Monthly Archives: July 2005

where did all those clouds come from?

cant see any blue skies this morning – wind is blowing a hoolie and expected to gust at over 50kph today.
 
shame for the tourists who want to surf!!!

mallorca for the winter

tonight i have been offered three months work in mallorca for the beginning of next year – reckon i might take up the offer too as that time at work can be very quiet.
 
watch this space for more news

bubble lounge rocks

an awesome band last night, billed as a reggae rock band – they made some excellent noise.

the oracle

i woke this morning at 6,30am.  had a bite to eat then headed off in search of surf. first stop, tonel, two minutes up the road. a nice wave there, maybe a metre and a half so i decided to head north to ariffana.
 
ariffana lies 22 miles north of me on the west coast, it has to be one of the most beautiful drives i know. at 7am i left home, and saw some of my portuguese chums walking home from the nightclub.
 
the sun was gently rising in the sky as i headed deeper into the national park on this end of the algarve.
 
climbing the hills into the forrest was a gorgeous start to any day, the pine and eucalyptus trees leaving a most awakening smell in the air, a very light mist hanging on the hills and in the valleys and sunbeams lighting up the mist as they krept through the hill side and onto the valley floor – tree lined avenues and the heavy scent of eucalyptus and pine – better than waking up with Dido (and that is saying something).
 
Ariffana is one of those beaches that remains in your memories. at the foot of 100 foot cliffs, it nestles with sandy beaches and at the right time of the tide, with a sweel from the northwest, gives the best longboard ride in the algarve.
 
today, i had timed it to perfection.  at 7,45am, i suited up and walked across the beach to join the other 5 surfers that had already started their paddle.  the wave was perfect. a metre and a half with the occasional head high wave.
 
after a few frustrating attempts i finally started to catch.  three beautiful long lefts followed by a most amazing right hander.  being goofy means i ride a right backside – with my back to the wave.  i watched a wave forming and as it began to break i took a gamble that it would reform as it pushed over the sand bank.  i could go left or right but decided on a right – the best choice.
 
up and riding, trimming nicely on the face, three quarters along the board with a wide stance.  I crouched and grabbed a rail with my left hand, my first rail on the new board.  perfect set up and stance, rode all the way in until i saw the wave breaking to my right.  just before it closed out on me, i did a trademark frosberie flop over the wall of water and landed on my back.  so stoked was i with this one ride, my arms were raised in the air in triumph – and i was still under the water!
 
an epic ride – probably the best of my life so far, always worth getting up early for waves like this.  after an hour and a half, the tide had pushed in far enough to have completely changed the shape of the wave – so it was time to get out.
 
after yesterday woes – all was good again, i dont know what was wrong yesterday, i have no idea where the woes went, but they went.  back on form in the algarve – it feels so good.
 
when i was changing, some spanish guy arrived and spoke to me, unusual this, i normally have a strong dislike for most of the spanish, but these guy were ok – they even sppoke slowly enough so that i could understand them – normally they speak like speedie gonzales.
 
so all is good.  now i am at work fixing my car and my bike, the beaches are full of tourists who will sit there all day and fight over waves that arent worth a toss and when they are bored at 6pm, i will meet james at tonel and we will surf into the sunset.
 
tonight, i head to lagos again with russ and sarah for a chinese and finish the night back in sagres in the bubble lounge, a reggae rock band playing live
 
i love this place – i love life!!!!!!

Max

Max Max Max,
 
thanks for the music, it arrived today.
 
For those of you who dont know who max is, she was my last girlfriend before i left the uk.

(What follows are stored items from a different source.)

Lemma on_line_infinity_uniq v w : normalized v -> normalized w -> incident c v -> incident c w ->
  v b = 0 -> w b = 0 -> v = w.
Proof.
move=> nv nw cv cw vb wb; have va := on_line_infinity nv cv vb.
apply: (normalized_scale_eq (mu := w a / v a)) nv nw _.
by apply: incident_scale cv cw _ _; rewrite ?divfK // vb wb mulr0.
Qed.

Section LineSubset.
Variable S : {set {ffun 'I_3 -> F}}.
Hypothesis S_line : forall v, v \in S -> normalized v && incident c v.

Lemma card_split_at_infinity :
  #|S| = (#|(fun v => v a / v b) @: [set v in S | v b != 0%R]| + #|[set v in S | v b == 0%R]|)%N.
Proof.
rewrite -(cardsID [set v : {ffun _ -> F} | v b != 0] S) card_in_imset; last first.
  move=> v w; rewrite !inE => /andP[/S_line/andP[nv cv] vb] /andP[/S_line/andP[nw cw] wb].
  exact: on_line_ratio_inj.
by congr (_ + _)%N; apply: eq_card => v; rewrite !inE ?negbK andbC.
Qed.

Lemma card_at_infinity_le1 : (#|[set v in S | v b == 0%R]| <= 1)%N.
Proof.
apply/card_le1_eqP => v w; rewrite !inE => /andP[/S_line/andP[nv cv] /eqP vb].
by move=> /andP[/S_line/andP[nw cw] /eqP wb]; apply: on_line_infinity_uniq.
Qed.
End LineSubset.
End Line.

Lemma card_lines_through v : normalized v ->
  (#|[set c | normalized c & incident c v]| <= #|F|.+1)%N.
Proof.
case/normalizedP => k [vk _].
have S_line c : c \in [set c | normalized c & incident c v] -> normalized c && incident v c.
  by rewrite inE incidentC.
rewrite (card_split_at_infinity vk S_line) -[#|F|.+1]addn1 leq_add ?max_card //.
by have := card_at_infinity_le1 vk S_line.
Qed.

Lemma exists_common_line v w : exists2 c, normalized c & incident c v && incident c w.
Proof.
pose A : 'M[F]_(3, 2) := \matrix_(i, j) (if j == ord0 then v i else w i).
have /rowV0Pn[x /sub_kermxP xA x0] : kermx A != 0.
  by rewrite -mxrank_eq0 mxrank_ker subn_eq0 -ltnNge (leq_ltn_trans (rank_leq_col A)).
have [|c nc [mu cE]] := normalize (u := [ffun l => x 0 l]).
  apply: contra_neq x0 => /ffunP x0'; apply/rowP => l.
  by have := x0' l; rewrite !ffunE mxE.
have xAj j : \sum_(l < 3) x 0 l * A l j = 0.
  by have := congr1 (fun M : 'rV_2 => M 0 j) xA; rewrite !mxE.
have incE (z : {ffun 'I_3 -> F}) : \sum_(l < 3) x 0 l * z l = 0 -> incident c z.
  move=> xz; apply/eqP; under eq_bigr do rewrite cE ffunE -mulrA.
  by rewrite -mulr_sumr xz mulr0.
exists c => //; apply/andP; split; apply: incE.
- by have := xAj ord0; under eq_bigr do rewrite mxE /=.
- by have := xAj ord_max; under eq_bigr do rewrite mxE /=.
Qed.

Definition vec3 (x y z : F) : {ffun 'I_3 -> F} := [ffun i : 'I_3 => [:: x; y; z]`_i].

Lemma vec3_inj x y z x' y' z' : vec3 x y z = vec3 x' y' z' -> [/\ x = x', y = y' & z = z'].
Proof. by move=> /ffunP E; move: (E ord0) (E (lift ord0 ord0)) (E ord_max); rewrite !ffunE. Qed.

Lemma card_normalized_ge : (#|F| ^ 2 + #|F| + 1 <= #|[set v : {ffun 'I_3 -> F} | normalized v]|)%N.
Proof.
pose emb (s : (F * F) + (F + unit)) : {ffun 'I_3 -> F} :=
  match s with inl (x, y) => vec3 1 x y | inr (inl y) => vec3 0 1 y | inr (inr _) => vec3 0 0 1 end.
have emb_inj : injective emb.
  have one_neq0 : (1 : F) <> 0 by apply/eqP; rewrite oner_eq0.
  by case=> [[x y]|[y|[]]] [[x' y']|[y'|[]]] /= /vec3_inj [] => // *; subst; congruence.
have emb_norm s : normalized (emb s).
  apply/existsP; case: s => [[x y]|[y|[]]] /=;
    [exists ord0 | exists (lift ord0 ord0) | exists ord_max];
    by rewrite ffunE /= eqxx; apply/forallP => -[[|[|[|//]]] ?]; rewrite ?ffunE /= ?eqxx.
rewrite (_ : (_ + _ + _)%N = #|[set: (F * F) + (F + unit)]|); last first.
  by rewrite cardsT card_sum card_prod card_sum card_unit addnA.
rewrite -(card_imset _ emb_inj); apply/subset_leq_card/subsetP => _ /imsetP[s _ ->].
by rewrite inE.
Qed.
End ProjectivePlane.

Lemma card_set_in_sum (T : finType) (A : {set T}) (p : pred T) :
  #|[set x in A | p x]| = (\sum_(x in A) p x)%N.
Proof.
rewrite -sum1_card big_mkcond [RHS]big_mkcond /=; apply: eq_bigr => x _.
by rewrite inE; case: (x \in A); case: (p x).
Qed.

Lemma sqr_le_between (a b l : nat) : (a <= l <= b -> l * l + a * b <= (a + b) * l)%N.
Proof. by move=> /andP[al lb]; nia. Qed.

(* The hypotheses force (q - 3) (q^2 + q + 1) <= (q - 1) (q^2 - q - 5),
   that is 2 q <= 8. *)
Lemma incidence_count_absurd (q N L S1 S2 : nat) : (5 <= q)%N -> N = ((q - 1) ^ 2)%N ->
  (q ^ 2 + q + 1 <= L)%N -> (S1 <= N * q.+1)%N -> (N * (N - 1) + S1 <= S2)%N ->
  (S2 + (q - 3) * (q - 1) * L <= (q - 3 + (q - 1)) * S1)%N -> False.
Proof.
move=> q5 NE hL hS1 hS2 htype.
have [p qE] : exists p, q = (p + 5)%N by exists (q - 5)%N; lia.
have e1 : (q - 1 = p + 4)%N by lia.
have e3 : (q - 3 = p + 2)%N by lia.
have N1 : (N - 1 = (p + 3) * (p + 5))%N by rewrite NE e1; lia.
rewrite e1 in NE; rewrite e3 e1 in htype; rewrite N1 in hS2.
have hL' := leq_mul (leqnn ((p + 2) * (p + 4))) hL.
have hS1' := leq_mul (leqnn (2 * p + 5)) hS1.
rewrite qE in hL' hS1'; subst N q.
lia.
Qed.

Section Incidences.
Variable F : finFieldType.
Variable X : {set {ffun 'I_3 -> F}}.
Hypothesis X_normalized : forall v, v \in X -> normalized v.
Local Notation lines := [set c : {ffun 'I_3 -> F} | normalized c].

Lemma sum_card_on_line_le : (\sum_(c in lines) #|on_line X c| <= #|X| * #|F|.+1)%N.
Proof.
under eq_bigr do rewrite card_set_in_sum.
rewrite exchange_big -sum_nat_const; apply: leq_sum => v vX.
rewrite -card_set_in_sum (eq_card (B := [set c | normalized c & incident c v])).
  exact/card_lines_through/X_normalized.
by move=> c; rewrite !inE.
Qed.

Lemma sum_card_on_line_sqr_ge :
  (#|X| * (#|X| - 1) + \sum_(c in lines) #|on_line X c| <= \sum_(c in lines) #|on_line X c| ^ 2)%N.
Proof.
have -> : (\sum_(c in lines) #|on_line X c| ^ 2 =
    \sum_(v in X) \sum_(w in X) \sum_(c in lines) incident c v * incident c w)%N.
  under eq_bigr do rewrite card_set_in_sum -mulnn big_distrl /=; rewrite exchange_big.
  by apply: eq_bigr => v _; under eq_bigr do rewrite big_distrr /=; rewrite exchange_big.
under eq_bigr do rewrite card_set_in_sum; rewrite exchange_big -sum_nat_const -big_split /=.
apply: leq_sum => v vX; rewrite (bigD1 v vX) /= addnC leq_add //.
  by under [X in (_ <= X)%N]eq_bigr do rewrite mulnb andbb.
rewrite -sum1_card (bigD1 v vX) /= add1n subn1; apply: leq_sum => w /andP[wX wv].
have [c nc /andP[cv cw]] := exists_common_line v w.
by rewrite (bigD1 c) ?inE //= cv cw.
Qed.

Lemma no_set_of_type : (5 <= #|F|)%N -> #|X| = ((#|F| - 1) ^ 2)%N ->
  ~ (forall c, normalized c -> #|F| - 3 <= #|on_line X c| <= #|F| - 1)%N.
Proof.
move=> q5 NX Xtype; apply: (incidence_count_absurd q5 NX (card_normalized_ge F)).
- exact: sum_card_on_line_le.
- exact: sum_card_on_line_sqr_ge.
rewrite big_distrr /= mulnC -sum_nat_const -big_split /= leq_sum // => c.
by rewrite inE => /Xtype /sqr_le_between; rewrite mulnn.
Qed.
End Incidences.

Section LineChart.
Variable F : finFieldType.
Variables (c : {ffun 'I_3 -> F}) (k : 'I_3).
Hypothesis ck : c k = 1.
Local Notation a := (lift k ord0).
Local Notation b := (lift k ord_max).

(* [line_param] maps (s, t) to the point of the line [c] whose coordinates at
   [a] and [b] are s and t; [line_coord] is the inverse chart. *)
Definition line_param : 3.-tuple {mpoly F[2]} :=
  [tuple if i == k then - (c a *: 'X_ord0 + c b *: 'X_ord_max)
         else if i == a then 'X_ord0 else 'X_ord_max | i < 3].

Definition line_coord (v : {ffun 'I_3 -> F}) : 'I_2 -> F :=
  fun j => if j == ord0 then v a else v b.

Let ak : (a == k) = false. Proof. by rewrite eq_sym (negbTE (neq_lift _ _)). Qed.
Let bk : (b == k) = false. Proof. by rewrite eq_sym (negbTE (neq_lift _ _)). Qed.
Let ba : (b == a) = false. Proof. by apply/negbTE/negP => /eqP/lift_inj. Qed.

Lemma line_param_homog i : tnth line_param i \is 1.-homog.
Proof.
have X1 j : ('X_j : {mpoly F[2]}) \is 1.-homog by rewrite dhomogX; apply/eqP/mdeg1.
by rewrite tnth_mktuple; case: ifP => _; [rewrite rpredN rpredD // rpredZ | case: ifP].
Qed.

Lemma meval_line_param (P : {mpoly F[3]}) v :
  incident c v -> (P \mPo line_param).@[line_coord v] = P.@[v].
Proof.
move=> cv; rewrite comp_mpoly_meval; apply: meval_eq => i; rewrite tnth_mktuple.
case: (ord3_lift k i) => ->; rewrite ?eqxx ?ak ?bk ?ba ?(incident_pivot ck cv) ?mevalXU //.
by rewrite mevalN mevalD !mevalZ !mevalXU.
Qed.

(* Composing back with (X_a, X_b) substitutes - (c a X_a + c b X_b) for X_k,
   which is X_k modulo [linform c]. *)
Lemma line_param_multiple (P : {mpoly F[3]}) :
  multiple (linform c) (P - ((P \mPo line_param) \mPo [tuple 'X_a; 'X_b])).
Proof.
rewrite comp_mpolyA; apply: multiple_sub_comp_mpoly => i; rewrite !tnth_mktuple.
case: (ord3_lift k i) => ->; rewrite ?eqxx ?ak ?bk ?ba ?comp_mpolyXU ?subrr; try exact: multiple0.
exists 1; rewrite mulr1 /linform (big_ord3 _ k) ck scale1r.
by rewrite raddfN raddfD /= !comp_mpolyZ !comp_mpolyXU opprK.
Qed.

Lemma card_zeros_on_line d (Q : {mpoly F[2]}) (S : {set {ffun 'I_3 -> F}}) :
  Q \is d.-homog -> Q != 0 ->
  (forall v, v \in S -> [&& normalized v, incident c v & Q.@[line_coord v] == 0]) ->
  (#|S| <= d)%N.
Proof.
move=> Qd Q0 S_zeros; set f := dehomog d Q.
have f0 : f != 0 by apply: contra_neq Q0; apply: dehomog_eq0.
have S_line v : v \in S -> normalized v && incident c v.
  by move/S_zeros => /and3P[-> -> _].
have Qv0 v : v \in S -> Q.@[line_coord v] = 0 by move/S_zeros => /and3P[_ _ /eqP].
rewrite (card_split_at_infinity ck S_line).
apply: leq_trans (card_proj_roots_le f0 (size_dehomog d Q)); apply: leq_add.
  apply/subset_leq_card/subsetP => x /imsetP[v + ->]; rewrite !inE => /andP[vS vb].
  apply/rootP; move: (Qv0 v vS); rewrite (meval_dhomog2_affine Qd) //.
  by move/eqP; rewrite mulf_eq0 expf_eq0 (negbTE vb) andbF => /eqP.
have [->|[v]] := set_0Vmem [set v in S | v b == 0%R]; first by rewrite cards0.
rewrite inE => /andP[vS /eqP vb].
have /eqP -> : f`_d == 0.
  move: (Qv0 v vS); rewrite (meval_dhomog2_infinity Qd) // => /eqP.
  have /andP[nv cv] := S_line v vS.
  by rewrite mulf_eq0 expf_eq0 (negbTE (on_line_infinity ck nv cv vb)) andbF orbF.
by rewrite eqxx; have := card_at_infinity_le1 ck S_line.
Qed.
End LineChart.

Lemma line_count_le (F : finFieldType) (P : {mpoly F[3]}) d c :
  P \is d.-homog -> no_Fq_linear_components P -> normalized c -> (line_count P c <= d)%N.
Proof.
move=> Pd noLP nc; have [k [ck _]] := normalizedP nc.
set Q := P \mPo line_param c k.
have Q0 : Q != 0.
  apply/eqP => Q0; apply: (noLP c (normalized_neq0 nc)).
  by have [G] := line_param_multiple ck P; rewrite -/Q Q0 comp_mpoly0 subr0; exists G.
have Qd : Q \is d.-homog := comp_mpoly_dhomog (line_param_homog c k) Pd.
rewrite /line_count; apply: (card_zeros_on_line ck Qd Q0) => v.
by rewrite !inE => /andP[/andP[-> Pv] cv]; rewrite (cv : incident c v) meval_line_param.
Qed.

Lemma k0_le_line_count (F : finFieldType) (P : {mpoly F[3]}) c :
  normalized c -> (line_count P c <= #|F|.+1)%N -> (k0 P <= line_count P c)%N.
Proof.
move=> nc le_q1; rewrite leqNgt; apply/negP => /(before_find 0%N).
rewrite nth_iota ?add0n; last by lia.
by move/negbFE; rewrite cards_eq0 => /eqP/setP/(_ c); rewrite !inE nc eqxx.
Qed.

Theorem lemma3p13 (F : finFieldType) (P : {mpoly F[3]}) :
  (5 <= #|F|)%N ->
  P != 0 ->
  P \is (#|F| - 1)%N.-homog ->
  no_Fq_linear_components P ->
  Nq P = ((#|F| - 1) ^ 2)%N ->
  (k0 P <= #|F| - 4)%N.
Proof.
move=> q5 _ Pd noLP NP; rewrite leqNgt; apply/negP => k0_gt.
have curve_normalized v : v \in curve_pts P -> normalized v by rewrite inE => /andP[].
apply: (no_set_of_type curve_normalized q5 NP) => c nc.
have le_q1 := line_count_le Pd noLP nc.
have le_k0 : (k0 P <= line_count P c)%N by apply: k0_le_line_count nc _; lia.
by change (#|F| - 3 <= line_count P c <= #|F| - 1)%N; lia.
Qed.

Today, i got three CD´s that she made for me.
 
These cheered me up – max always had a wide and varied taste in music, you never quite know what you will get.  It always makes me smile when i hear from max.  One day she will get her finger out of her arse and create her space so that i can link it from my page.
 
anyway – this got me to thinking about relationships and again i started to wonder why i was really not very good at them.  I was thinking about the lyrics to a song, beyond the sea, and began to wonder what it is i am looking for exactly.
 
of course, i always believe it is better to spend your life alone than with the wrong person but what if it is my vision of perfection that is wrong ?
 
I am sure you can physco analyse all of my writing and probably come up with the usual crap – i was abused as a child, or my father didnt love me , or a combination of both, but this simply isnt the case.
 
So i wonder, this place is full of gorgeous women who are either with someone or dont want to be with anyone – their reasons are their own, my portuguese not good enough to discuss it with them.
 
whats more, i am confused , yet i dont know what i am confused about – so how can i correct the confusion , if i dont know where it lies?  now you understand ?
 
today was indifferent – not for any particular reason, but today was a day that i need to let out a big sigh, clear my lungs and get on with it, but i just cant find that ´sigh´.  for three days now, my alarm has been ringing at 6.30 am so that i can head off in search of surf – it is now officially emmett season here, the only chance of a clear beach will be first thing in the morning and last thing at night, until september, and you know – i cant find any surf either,
 
today i was unhappy with where i live – want to know why?  because the weather was shite – or so i thought.  it wasnt really shite, the sun was out, the skies were blue, probably 28 degrees or more, a little windy but no surf.  Actually, i live in probably the best part of europe – so what made me unhappy?  i dont know.  what i do know is that when i wake in the morning, it will all be gone and the sun will be out, the skies blue, the surf crap but i will be happy again.
 
glad i got all of that off my chest!!!!  still none the wiser though.
 
Max – sort out your page – i want to link it.
 
çiao bebes

just for a change

today, i got up at 6,30 again and went to the beach hoping for a wave – tomorrow , i am going to sleep in!
 
loads of work to do today, so i better get a move on.